Data to examine section start

(* Let $FAF=\langle\mathcal A,\rho\rangle$ be a fuzzy argumentation framework and $E\subseteq\mathcal A$. For every $C\subseteq\mathcal A$: $E\in\mathcal{CE}(FAF,C)$ if and only if for every $S\in SCCS_{FAF}$, $$E\cap S\in\mathcal{CE}\big(FAF\downarrow_{R_{FAF}(S,E)},\,D_{FAF}(S,E)\cap C\big).$$
   Context: Fuzzy sets: a fuzzy set on a crisp set $X$ is a map $S:X\to[0,1]$; $S\subseteq S'$ means $S(x)\le S'(x)$ for all $x$; $\cap,\cup$ are pointwise $\min,\max$; $\mathrm{Supp}(S)=\{x:S(x)>0\}$. A fuzzy point $(x,a)$, $a\in(0,1]$, has value $a$ at $x$ and $0$ elsewhere; $(x,a)\in S$ means $a\le S(x)$. $a*b=\min\{a,b\}$. A fuzzy argumentation framework (FAF) is $\langle\mathcal A,\rho\rangle$ with $\mathrm{Args}$ a crisp set, $\mathcal A$ a fuzzy set on $\mathrm{Args}$, $\rho:\mathrm{Args}\times\mathrm{Args}\to[0,1]$, $\rho_{AB}=\rho(A,B)$; $A$ attacks $B$ iff $\rho_{AB}>0$. Fuzzy arguments are fuzzy points $(A,a)\in\mathcal A$. An attack of $(A,a)$ on $(B,b)$ is tolerable if $\min\{a,\rho_{AB}\}+b\le1$, sufficient otherwise. $(A,a)$ weakens $(B,b)$ to $(B,b')$, $b'=\min\{1-\min\{a,\rho_{AB}\},b\}$. $T\subseteq\mathcal A$ weakening defends $(C,c)$ (i.e. $(C,c)$ is acceptable w.r.t. $T$) if for every fuzzy argument $(B,b)$ sufficiently attacking $(C,c)$ there is $(A',a')\in T$ weakening $(B,b)$ to some $(B,b')$ which tolerably attacks $(C,c)$. $T$ is conflict-free if no $(A,a),(B,b)\in T$ with $(A,a)$ sufficiently attacking $(B,b)$; admissible if conflict-free and it weakening defends every element of $T$. For $C\subseteq\mathcal A$: $\mathcal{AE}(FAF,C)$ is the set of admissible $E$ with $E\subseteq C$; $\mathcal{CE}(FAF,C)$ (complete extensions in $C$) is the set of $E\in\mathcal{AE}(FAF,C)$ such that every fuzzy argument $(A,a)\in C$ weakening defended by $E$ satisfies $(A,a)\in E$. Path-equivalence on $\mathrm{Args}$: $A\sim B$ iff $A=B$ or there are chains of attacks from $A$ to $B$ and from $B$ to $A$. $SCC_{FAF}(A)$ is the fuzzy set with value $\mathcal A(B)$ at each $B\sim A$, $0$ elsewhere; $SCCS_{FAF}$ is the set of these. $outparents_{FAF}(S)$ is the fuzzy set of $(B,\mathcal A(B))$ with $B\notin\mathrm{Supp}(S)$ attacking some argument of $\mathrm{Supp}(S)$. For $T\subseteq\mathcal A$, $FAF\downarrow_T=\langle T,\rho|_{\mathrm{Supp}(T)\times\mathrm{Supp}(T)}\rangle$, and notions in $FAF\downarrow_T$ refer to its own fuzzy arguments and attacks. For $E\subseteq\mathcal A$, $S\in SCCS_{FAF}$: $L_{FAF}(S,E)(A)=\max_B\big((E\cap outparents_{FAF}(S))(B)*\rho_{BA}\big)$ for $A\in\mathrm{Supp}(S)$, $0$ elsewhere; $R_{FAF}(S,E)(A)=\min\{\mathcal A(A),1-L_{FAF}(S,E)(A)\}$ for $A\in\mathrm{Supp}(S)$, $0$ elsewhere; $D_{FAF}(S,E)$ is the union of fuzzy points $(A,a)\in R_{FAF}(S,E)$ such that for every $(B,b)\in outparents_{FAF}(S)$ sufficiently attacking $(A,a)$ there is $(C,c)\in E$ weakening $(B,b)$ to some $(B,b')$ which tolerably attacks $(A,a)$. *)

From HB Require Import structures.
From mathcomp Require Import all_boot all_order all_algebra.
From mathcomp Require Import boolp classical_sets reals.
From Stdlib Require Import Relations.

Set Implicit Arguments.
Unset Strict Implicit.
Unset Printing Implicit Defensive.
Import Order.TTheory GRing.Theory Num.Theory.
Local Open Scope ring_scope.
Local Open Scope classical_set_scope.

Section FAF.
Context {R : realType} {Args : finType}.

Definition fuzzy := Args -> R.

Definition fsubset (S S' : fuzzy) : Prop := forall x, S x <= S' x.
Definition fcap (S S' : fuzzy) : fuzzy := fun x => Num.min (S x) (S' x).
Definition supp (S : fuzzy) (x : Args) : Prop := 0 < S x.

(* the fuzzy point (x,a), a in (0,1], belongs to S *)
Definition fpt_in (S : fuzzy) (x : Args) (a : R) : Prop :=
  0 < a /\ a <= 1 /\ a <= S x.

Data to examine section end

* [Your task]
Reading through the records above, report each line in which the string "Unset" is found.

* [Result of this exercise]
Unset Strict Implicit.
Unset Printing Implicit Defensive.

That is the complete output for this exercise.